● The data:
........

Definition path_connected (d : X -> X -> R) : Prop :=
  forall x y, exists g : R -> X, path_cont d g /\ g 0 = x /\ g 1 = y.

Definition Nball (d : X -> X -> R) (x : X) (r : R) : X -> Prop := fun y => d x y < r.
Definition Csph (d : X -> X -> R) (x : X) (r : R) : X -> Prop := fun y => d x y = r.

Definition inB (d : X -> X -> R) (S : X -> Prop) (x0 : X) (n : nat) (x : X) : Prop :=
  let r := d x x0 in
  exists m l : nat,
    has_card (fun y => Nball d x r y /\ S y) m /\
    has_card (fun y => Csph d x r y /\ S y) l /\
    (1 <= l)%nat /\ (m + 1 <= n)%nat /\ (n <= m + l)%nat.

End MetricDefs.

Definition Rdist (a b : R) : R := Rabs (a - b).

Definition proper_space {X : Type} (d : X -> X -> R) : Prop :=
  forall (x : X) (K : R -> Prop), mcompact Rdist K -> mcompact d (fun y => K (d x y)).

(* Put r(y) := d(y, x0), and let A_k(y) (resp. B_k(y)) say that at least k points of S lie in the
   open (resp. closed) ball of radius r(y) about y.  Along a path g, the set of times where A_k
   holds is open, because it is witnessed by finitely many strict inequalities; the set where B_k
   fails is open too, because properness and discreteness leave only finitely many points of S near
   the closed ball, and each of those outside it stays outside.  Once the balls are finite,
   y ∈ B_k(x0) means exactly B_k(y) ∧ ¬A_k(y).  If the path never met B_(n-1)(x0), then B_(n-1)
   and A_(n-1) would coincide along it and be both open and closed in [0,1]; but A_(n-1) fails at
   g(0) = x0 and B_(n-1) holds at g(1) ∈ B_n(x0), contradicting the connectedness of [0,1]. *)
From Stdlib Require Import Reals List.
From Stdlib Require Import Classical ClassicalEpsilon Lra Lia.
Open Scope R_scope.

Definition near01 (t : R) (P : R -> Prop) : Prop :=
  exists dl, 0 < dl /\ forall u, 0 <= u <= 1 -> Rabs (u - t) < dl -> P u.

Lemma near01_impl t (P Q : R -> Prop) :
  (forall u, P u -> Q u) -> near01 t P -> near01 t Q.
Proof.
intros HPQ [dl [Hdl HP]]. exists dl; split; [exact Hdl|]. intros u Hu Hut; apply HPQ, HP; assumption.
Qed.

Lemma near01_and t (P Q : R -> Prop) :
  near01 t P -> near01 t Q -> near01 t (fun u => P u /\ Q u).
Proof.
intros [d1 [Hd1 HP]] [d2 [Hd2 HQ]].
exists (Rmin d1 d2); split; [now apply Rmin_pos|].
intros u Hu Hut; split.
- apply HP; [exact Hu|]. eapply Rlt_le_trans; [exact Hut|apply Rmin_l].
- apply HQ; [exact Hu|]. eapply Rlt_le_trans; [exact Hut|apply Rmin_r].
Qed.

Lemma near01_forall_in {A : Type} t (P : A -> R -> Prop) (l : list A) :
  (forall a, In a l -> near01 t (P a)) -> near01 t (fun u => forall a, In a l -> P a u).
Proof.
induction l as [|a l IH]; intros Hl.
- exists 1; split; [lra|]. intros u _ _ a [].
- destruct (near01_and t _ _ (Hl a (or_introl eq_refl)) (IH (fun b Hb => Hl b (or_intror Hb))))
    as [dl [Hdl H]].
  exists dl; split; [exact Hdl|]. intros u Hu Hut b Hb.
  destruct (H u Hu Hut) as [Ha Hl']. destruct Hb as [<-|Hb]; [exact Ha|exact (Hl' b Hb)].
Qed.

Lemma unit_interval_connected (P : R -> Prop) :
  (forall t, 0 <= t <= 1 -> P t -> near01 t P) ->
  (forall t, 0 <= t <= 1 -> ~ P t -> near01 t (fun u => ~ P u)) ->
  P 0 -> P 1.
Proof.
intros HPopen HnPopen HP0.
set (E := fun t => 0 <= t <= 1 /\ forall u, 0 <= u <= t -> P u).
assert (E0 : E 0) by (split; [lra|]; intros u Hu; replace u with 0 by lra; exact HP0).
destruct (completeness E) as [ts [Hub Hlub]].
{ exists 1; intros x [Hx _]; lra. }
{ exists 0; exact E0. }
assert (Hts : 0 <= ts <= 1) by (split; [apply Hub, E0|apply Hlub; intros x [Hx _]; lra]).
assert (Happrox : forall dl, 0 < dl -> exists e, E e /\ ts - dl < e).
{ intros dl Hdl. apply NNPP; intro Hno.
  enough (ts <= ts - dl) by lra.
  apply Hlub; intros x Ex. apply Rnot_lt_le; intro; apply Hno; eauto. }
assert (HPts : P ts).
{ apply NNPP; intro HnP.
  destruct (HnPopen ts Hts HnP) as [dl [Hdl HnPu]].
  destruct (Happrox dl Hdl) as [e [[He HEe] Hlt]].
  assert (e <= ts) by (apply Hub; split; assumption).
  apply (HnPu e He); [rewrite Rabs_left1; lra|]. apply HEe; lra. }
destruct (HPopen ts Hts HPts) as [dl [Hdl HPu]].
destruct (Happrox dl Hdl) as [e [[He HEe] Hlt]].
set (t' := Rmin 1 (ts + dl / 2)).
assert (Et' : E t').
{ assert (t' <= 1) by apply Rmin_l. assert (t' <= ts + dl / 2) by apply Rmin_r.
  split; [unfold t', Rmin; destruct Rle_dec; lra|].
  intros u Hu. destruct (Rle_dec u e) as [Hue|Hue].
  - apply HEe; lra.
  - apply HPu; [lra|]. unfold Rabs; destruct Rcase_abs; lra. }
assert (t' <= ts) by (apply Hub, Et').
unfold t', Rmin in *; destruct Rle_dec; [|lra].
replace 1 with ts by lra; exact HPts.
Qed.

Lemma interval_mcompact a b : a <= b -> mcompact Rdist (fun r => a <= r <= b).
Proof.
intros Hab I U Hop Hcov.
destruct (Hcov a) as [i0 _]; [lra|].
pose (pick := fun x => epsilon (inhabits i0) (fun i => U i x)).
assert (Hpick : forall x, a <= x <= b -> U (pick x) x)
  by (intros x Hx; apply epsilon_spec, Hcov, Hx).
assert (Hdom : forall x, (exists y, a <= x <= b /\ U (pick x) y) -> a <= x <= b)
  by (intros x [y [Hx _]]; exact Hx).
pose (fam := mkfamily (fun x => a <= x <= b) (fun x y => a <= x <= b /\ U (pick x) y) Hdom).
destruct (compact_P3 a b fam) as [D [HD [l Hl]]].
- split.
  + intros x Hx. exists x. split; auto.
  + intros x y [Hx Uy].
    destruct (Hop (pick x) y Uy) as [e [He HU]]. exists (mkposreal e He).
    intros z Hz. split; [exact Hx|]. apply HU.
    unfold Rdist; rewrite Rabs_minus_sym; exact Hz.
- exists (map pick l). intros x Hx. destruct (HD x Hx) as [y [[Hy Uy] Dy]].
  exists (pick y). split; [apply in_map, Hl; split; assumption|exact Uy].
Qed.

Section Cardinality.
Context {X : Type}.

Lemma card_ge_of_NoDup (A : X -> Prop) (l : list X) k :
  NoDup l -> (k <= length l)%nat -> (forall x, In x l -> A x) -> card_ge A k.
Proof.
intros Hnd Hk HA.
assert (Hsplit := firstn_skipn k l).
exists (firstn k l); split; [|split].
- apply (NoDup_app_remove_r _ (skipn k l)). rewrite Hsplit; exact Hnd.
- apply firstn_length_le, Hk.
- intros x Hx. apply HA. rewrite <- Hsplit. apply in_or_app; left; exact Hx.
Qed.

Lemma card_ge_le_length (A : X -> Prop) (l : list X) k :
  card_ge A k -> (forall x, A x -> In x l) -> (k <= length l)%nat.
Proof.
intros [lA [Hnd [<- HlA]]] Hl.
apply NoDup_incl_length; [exact Hnd|]. intros x Hx; apply Hl, HlA, Hx.
Qed.

Lemma card_ge_weaken (A B : X -> Prop) k m :
  (forall x, A x -> B x) -> (m <= k)%nat -> card_ge A k -> card_ge B m.
Proof.
intros HAB Hmk [l [Hnd [Hl HA]]].
apply (card_ge_of_NoDup B l); [exact Hnd|lia|]. intros x Hx; apply HAB, HA, Hx.
Qed.

Lemma has_card_of_finite (A : X -> Prop) : finite_set A -> exists m, has_card A m.
Proof.
intros [L HL].
pose (decX := fun x y : X => excluded_middle_informative (x = y)).
pose (inA := fun x => if excluded_middle_informative (A x) then true else false).
set (l := nodup decX (filter inA L)).
exists (length l), l. split; [apply NoDup_nodup|split; [reflexivity|]].
intros x. unfold l; rewrite nodup_In, filter_In. unfold inA.
destruct (excluded_middle_informative (A x)) as [Hx|Hx]; split.
- intros _; split; [apply HL, Hx|reflexivity].
- intros _; exact Hx.
- intros HAx; contradiction.
- intros [_ Hf]; discriminate.
Qed.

........

● Assigned task: In the listing above, find the line with "exists dl, 0" and the line with "Lemma near01_and t". Output those two lines and every line between them, exactly as written.

● Solved exercise:
  exists dl, 0 < dl /\ forall u, 0 <= u <= 1 -> Rabs (u - t) < dl -> P u.

Lemma near01_impl t (P Q : R -> Prop) :
  (forall u, P u -> Q u) -> near01 t P -> near01 t Q.
Proof.
intros HPQ [dl [Hdl HP]]. exists dl; split; [exact Hdl|]. intros u Hu Hut; apply HPQ, HP; assumption.
Qed.

Lemma near01_and t (P Q : R -> Prop) :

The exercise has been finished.